3. The learned Magistrate Mr. Okato misdirected himself in stating that there was an issue for trial whereas it was manifestly clear from the Replying Affidavit that the Affidavit of Service was for the present suit not the primary suit.
4. The learned Magistrate Mr. Okato erred in finding that the Affidavit of Service annexed in the Replying Affidavit was uncotroverted whereas it was a matter of law which was to be pleaded and that clearly showed that the Respondent was not in compliance with the provisions of Cap 405. ”
When the appeal came for the plenary hearing, it was agreed between counsel for the appellant and respondent respectively that the same be canvassed by way of written submissions. Those submissions were subsequently filed and exchanged. I have carefully read and considered them alongside cited authorities.
Striking out a pleading is a jurisdiction which should be exercised sparingly and in the clearest of cases. Courts now must not be seen to automatically strike out a pleading but to first examine whether striking out a pleading will be in conformity with the overriding objective set out in the Civil Procedure Act. If a way or ways alternative to striking out are available, the courts must consider those alternatives and see if they are more consonant with the overriding objectives than striking out. But as stated by the Court of Appeal in the case of City Chemist (NRB) and Others –vs- Oriental Commercial Bank Ltd. Civil Application No.NAI.302 of 2008(UR) the new approach:
“...is not to say that the new thinking totally uproots well established principles or precedent in the exercise of the discretion of the court which is a judicial process devoid of whim and caprice. On the contrary the amendment enriches those principles and emboldens the court to be guided by a broad sense of justice and fairness as it applies the principles. The application of clear and unambiguous principles and precedents assist litigants and legal practitioners alike in determining with some measure of certainty the validity of claims long before they are insisted in court. It also guides the lower courts and maintains stability in the law and its application...”

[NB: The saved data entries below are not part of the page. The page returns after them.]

Lemma Dpar_comm F d1 d2 x y : smooth F -> onE x y ->
  Dpar d1 (Dpar d2 F) x y = Dpar d2 (Dpar d1 F) x y.
Proof.
move=> sF Exy; have [del [del_gt0 Edel]] := onE_shift2 d1 d2 Exy.
pose f u v := evp F (shift2 d1 d2 u v x y).
have D1 u v : Rabs u < del -> Rabs v < del ->
    derivable_pt_lim (fun t => f t v) u (evp (Dpar d1 F) (shift2 d1 d2 u v x y)).
  by move=> ud vd; apply: derivable_shift sF (Edel u v ud vd).
have D2 u v : Rabs u < del -> Rabs v < del ->
    derivable_pt_lim (fun t => f u t) v (evp (Dpar d2 F) (shift2 d1 d2 u v x y)).
  move=> ud vd; apply: (derivable_pt_lim_ext (fun t => evp F (shift2 d2 d1 t u x y))).
    by move=> t; rewrite /f shift2C.
  by have := Edel u v ud vd; rewrite shift2C; apply: derivable_shift sF.
have M1 u v : Rabs u < del -> Rabs v < del -> derivable_pt_lim
    (fun s => Derive (fun t => f s t) v) u (evp (Dpar d1 (Dpar d2 F)) (shift2 d1 d2 u v x y)).
  move=> ud vd; apply: (derivable_pt_lim_loc
    (f := fun s => evp (Dpar d2 F) (shift2 d1 d2 s v x y)) (d := del - Rabs u)); first lra.
    move=> s su; symmetry; apply/Derive_derivable/D2 => //.
    by have := Rabs_triang_inv s u; lra.
  exact: derivable_shift (smooth_Dpar d2 sF) (Edel u v ud vd).
have M2 u v : Rabs u < del -> Rabs v < del -> derivable_pt_lim
    (fun s => Derive (fun t => f t s) u) v (evp (Dpar d2 (Dpar d1 F)) (shift2 d1 d2 u v x y)).
  move=> ud vd; apply: (derivable_pt_lim_loc
    (f := fun s => evp (Dpar d1 F) (shift2 d2 d1 s u x y)) (d := del - Rabs v)); first lra.
    move=> s sv; symmetry; rewrite -shift2C; apply/Derive_derivable/D1 => //.
    by have := Rabs_triang_inv s v; lra.
  by have := Edel u v ud vd; rewrite shift2C; apply: derivable_shift (smooth_Dpar d1 sF).
have near0 P : (forall u v, Rabs u < del -> Rabs v < del -> P u v) -> locally_2d P 0 0.
  by move=> PH; exists (mkposreal _ del_gt0) => u v /=; rewrite !Rminus_0_r; apply: PH.
have del0 : Rabs 0 < del by rewrite Rabs_R0.
have -> : Dpar d1 (Dpar d2 F) x y = Derive (fun s => Derive (fun t => f s t) 0) 0.
  by rewrite (Derive_derivable (M1 0 0 del0 del0)) shift2_00.
have -> : Dpar d2 (Dpar d1 F) x y = Derive (fun s => Derive (fun t => f t s) 0) 0.
  by rewrite (Derive_derivable (M2 0 0 del0 del0)) shift2_00.
apply: Schwarz.
- apply: near0 => u v ud vd.
  by do ![split]; apply: ex_derive_derivable; [exact: D1|exact: D2|exact: M1|exact: M2].
- apply: (continuity_2d_pt_ext_loc _ _ _ _ _
    (continuity_2d_shift2 d1 d2 (smooth_Dpar d1 (smooth_Dpar d2 sF)) Exy)).
  by apply: near0 => u v ud vd; rewrite (Derive_derivable (M1 u v ud vd)).
- apply: (continuity_2d_pt_ext_loc _ _ _ _ _
    (continuity_2d_shift2 d1 d2 (smooth_Dpar d2 (smooth_Dpar d1 sF)) Exy)).
  by apply: near0 => u v ud vd; rewrite (Derive_derivable (M2 u v ud vd)).
Qed.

This caution is well founded and in particular when it comes to striking out a pleading. Such drastic action can only be invoked where the pleading is so hopeless that no life can be breathed into it even by subsequent amendments.
I think that the application, that gave rise to this appeal was properly rejected by the trial court because it had no legal basis since the issues raised in the application called for viva voce evidence. The respondent was required to produce evidence as to the circumstances leading to the entry of judgment of the trial court and further, whether he had served on the appellant the statutory notice as required by section 10(2)(a) of the Insurance (Motor Vehicles Third Party Risks) Act. All these issues could only have been canvassed at the plenary hearing of the suit. It was therefore not a matter fit for determination by summary procedure. It required evidence to be called. Such evidence could not have been by way of affidavits. Indeed, the mere fact that there were several contested issues, going by the Plaint and amended defence, on record the application to strike out the Plaint was totally misconceived and an abuse of the court process.
This appeal lacks merit. It is accordingly dismissed with costs to the Respondent.
Dated, signed and delivered at Machakos, this 15th day of November, 2011.